The same principle has been fully adopted and applied by the Supreme Court of the United States, in the recent case of Rio Grande Irrigation and Colonization Co. v. Gildersleeve, 174 U. S. 603, 608. That was an appeal from the Supreme Court of the Territory of New Mexico, and the only «question presented to the Supreme Court of the United -States Was, whether the Supreme Court of the; territory erred in affirming the judgment of the trial court denying the defendant’s motion to vacate a judgment entered in default of an appearance. The judgment by default was entered in vacation of the court, and during the next succeeding term, a motion was made on behalf of the defendant company to vacate the judgment. This' motion was denied, and a few days thereafter, another motion, accompanied with an affidavit of defense on the merits, was filed, and this motion was likewise denied. The rule of the court below applicable to the case provided as follows:

“No motion to set aside any finding or judgment rendered in vacation shall be entertained, unless it shall be filed and a copy thereof served upon the opposite party within ten days after the entry of such finding or judgment.” The motion to vacate was not filed until after the lapse of about two months; and this was held to be too late. The Supreme Court of the United States, in affirming the ruling of the Supreme Court of the Territory, said, that as no discretionary power was reserved to the trial judge, he could not dispense *553with the rule of court; and then proceeded to cite with approval the case of Thompson v. Hatch, supra, to which we have referred, and to quote therefrom the passage that we have hereinbefore quoted. That case, in the Supreme Court, fully decides that there is no power either in the trial or ■appellate court to dispense with the rule of court, unless the power to do so be expressly reserved in the rule itself, or in the statute which authorized the making and promulgation of such rule; that a rule of court duly made and published has the force of law, and is binding upon the court as well as upon the parties to the action, and, therefore, cannot be dispensed with to suit the circumstances of any particular case.
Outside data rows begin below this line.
(* Let $K$, $M=\begin{pmatrix}\alpha&\beta\\ \overline{\beta}&\gamma\end{pmatrix}$, $Q$, $\Delta$, $\varepsilon$ be as in the context, let $\lambda\in\mathbb{Q}_{>0}$ and let $\delta\in K$ with $|\delta|^2=\Delta$. Define $F:K^2\times K^2\to L^2$ by \[F\big((x,y)^T,(w,z)^T\big):=\big(\overline{z}+\overline{y}\sqrt{\varepsilon}\,j,\ -w+\overline{x}\sqrt{\varepsilon}\,j\big).\] Then $F$ restricts to a bijection between $\mathcal{B}_Q(\delta,\lambda)$ and $\mathcal{F}_{\alpha\lambda/\Delta}\!\left(\tfrac{\lambda}{\Delta}(\beta+\delta\sqrt{\varepsilon}\,j)\right)$.
   Context: $K$ is $\mathbb{Q}$ or an imaginary quadratic field, viewed inside $\mathbb{C}$, and $\mathbb{C}$ is identified with $\mathbb{R}+\mathbb{R}i$ inside the Hamilton quaternions $\mathbb{H}=\{a+bi+cj+dk\}$ (so $sj=j\overline{s}$ for $s\in K$). $M\in K^{2\times2}$ is positive definite hermitian, $Q(v)=v^*Mv$. A rational number is an absolute square in $K$ if it equals $|y|^2$ for some $y\in K$; write $\mu=\det M=\Delta\varepsilon$ with $\Delta\in\mathbb{Q}$ an absolute square in $K$ and $\varepsilon$ a positive integer whose only positive divisor that is an absolute square in $K$ is $1$. A pair $(a_1,a_2)\in K^2\times K^2$ is a $Q$-orthobalanced basis of norm $\lambda$ if $A^*MA=\lambda\,\mathrm{diag}(1,\varepsilon)$ for $A=(a_1|a_2)$; it is of type $\delta$ if $a_2=(Ma_1)_\perp/\delta$, where $(x,y)^T_\perp:=(-\overline{y},\overline{x})^T$. $\mathcal{B}_Q(\delta,\lambda)$ is the set of $Q$-orthobalanced bases of norm $\lambda$ and type $\delta$. $L:=\{r+s\sqrt{\varepsilon}\,j: r,s\in K\}\subseteq\mathbb{H}$, and for $t\in L$, $\nu\in\mathbb{Q}$: $\mathcal{F}_\nu(t):=\{(u,v)\in L^2: t=uv,\ |u|^2=\nu\}$, where $|\cdot|$ is the quaternion norm. *)

From mathcomp Require Import all_boot all_order all_algebra all_field.
Set Implicit Arguments. Unset Strict Implicit. Unset Printing Implicit Defensive.
Import Order.TTheory GRing.Theory Num.Theory.
Local Open Scope ring_scope.

(* Complex numbers are modelled by algC (algebraic complex numbers);
   all quantities in the statement are algebraic. *)

Definition Q_or_imag_quadratic (K : {pred algC}) : Prop :=
  (forall x, (x \in K) = (x \in Crat)) \/
  (exists d : nat, (0 < d)%N /\
     forall x, x \in K <-> exists a b, a \in Crat /\ b \in Crat /\
                                       x = a + b * sqrtC (- d%:R)).

Definition i0 : 'I_2 := ord0.
Definition i1 : 'I_2 := ord_max.

Definition mxadj m n (A : 'M[algC]_(m, n)) : 'M[algC]_(n, m) := (map_mx (fun z : algC => z^*) A)^T.

Definition mx_over_K (K : {pred algC}) m n (A : 'M[algC]_(m, n)) : Prop :=
  forall i j, A i j \in K.

Definition mx_hermitian n (M : 'M[algC]_n) : Prop := mxadj M = M.

Definition mx_posdef n (M : 'M[algC]_n) : Prop :=
  forall v : 'cV[algC]_n, v != 0 -> 0 < (mxadj v *m M *m v) 0 0.

Definition abs_square_in (K : {pred algC}) (r : algC) : Prop :=
  r \in Crat /\ exists y, y \in K /\ r = y * y^*.

Definition perp (v : 'cV[algC]_2) : 'cV[algC]_2 :=
  \col_(i < 2) (if i == i0 then - (v i1 0)^* else (v i0 0)^*).

Definition diag1e (eps : nat) : 'M[algC]_2 :=
  diag_mx (\row_(i < 2) (if i == i0 then 1 else eps%:R)).

Definition orthobalanced (M : 'M[algC]_2) (eps : nat) (lambda : algC)
  (a1 a2 : 'cV[algC]_2) : Prop :=
  let A : 'M[algC]_2 := row_mx a1 a2 in
  mxadj A *m M *m A = lambda *: diag1e eps.

Definition BQ (K : {pred algC}) (M : 'M[algC]_2) (eps : nat) (delta lambda : algC)
  (p : 'cV[algC]_2 * 'cV[algC]_2) : Prop :=
  mx_over_K K p.1 /\ mx_over_K K p.2 /\
  orthobalanced M eps lambda p.1 p.2 /\
  p.2 = delta^-1 *: perp (M *m p.1).

(* Hamilton quaternions q = qa + qb j with qa, qb complex (C = R + R i),
   using j z = conj(z) j and j^2 = -1. *)
Record quat := Quat { qa : algC; qb : algC }.

Definition qmul (p q : quat) : quat :=
  Quat (qa p * qa q - qb p * (qb q)^*) (qa p * qb q + qb p * (qa q)^*).

Definition qnorm2 (q : quat) : algC := qa q * (qa q)^* + qb q * (qb q)^*.

Definition inL (K : {pred algC}) (eps : nat) (q : quat) : Prop :=
  exists r s, r \in K /\ s \in K /\ q = Quat r (s * sqrtC eps%:R).

Definition Fset (K : {pred algC}) (eps : nat) (nu : algC) (t : quat)
  (uv : quat * quat) : Prop :=
  inL K eps uv.1 /\ inL K eps uv.2 /\ t = qmul uv.1 uv.2 /\ qnorm2 uv.1 = nu.

Definition Fmap (eps : nat) (p : 'cV[algC]_2 * 'cV[algC]_2) : quat * quat :=
  let x := p.1 i0 0 in let y := p.1 i1 0 in
  let w := p.2 i0 0 in let z := p.2 i1 0 in
  (Quat z^* (y^* * sqrtC eps%:R), Quat (- w) (x^* * sqrtC eps%:R)).

Definition bij_between (T U : Type) (A : T -> Prop) (B : U -> Prop) (f : T -> U) : Prop :=
  (forall x, A x -> B (f x)) /\
  (forall x y, A x -> A y -> f x = f y -> x = y) /\
  (forall u, B u -> exists x, A x /\ f x = u).

(* For a1 = (x, y) the vector a2 = (M a1)_perp / delta is M-orthogonal to a1 and has
   Q(a2) = det M Q(a1) / |delta|^2 = eps Q(a1); so a basis of type delta is orthobalanced of
   norm lambda iff Q(a1) = lambda.  Writing F(a1, a2) = (u, v), a direct computation gives
   |u|^2 = alpha Q(a1) / Delta and u v = Q(a1) / Delta (beta + delta sqrt(eps) j), hence F maps
   B_Q(delta, lambda) into the target.  F is injective since sqrt(eps) <> 0.  Conversely every
   u is the first coordinate of F(a1, a2) for some a1 of type delta; the norm condition forces
   Q(a1) = lambda, and then v is determined by t = u v because u <> 0 is invertible in H. *)

From mathcomp Require Import all_boot all_order all_algebra all_field.
From mathcomp Require Import ring.
Set Implicit Arguments. Unset Strict Implicit. Unset Printing Implicit Defensive.
Import Order.TTheory GRing.Theory Num.Theory.
Local Open Scope ring_scope.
Doubtless, however, where the filing of the transcript within the time prescribed has been prevented by the fraud or contrivance of the opposite party, or by the contumacy of the clerk, without any want of diligence on the part of the appellant, in such case, the court would not allow the rule to be set up and availed of by the appellee to defeat the right of appeal. But there is no pretense of any such cause of delay in this case. The rule, therefore, must be applied to this as to all other cases within the rule; and it follows that the motion to vacate the order of dismissal must be denied; and it is so ordered.

Motion to vacate the. order to dismiss appeal denied.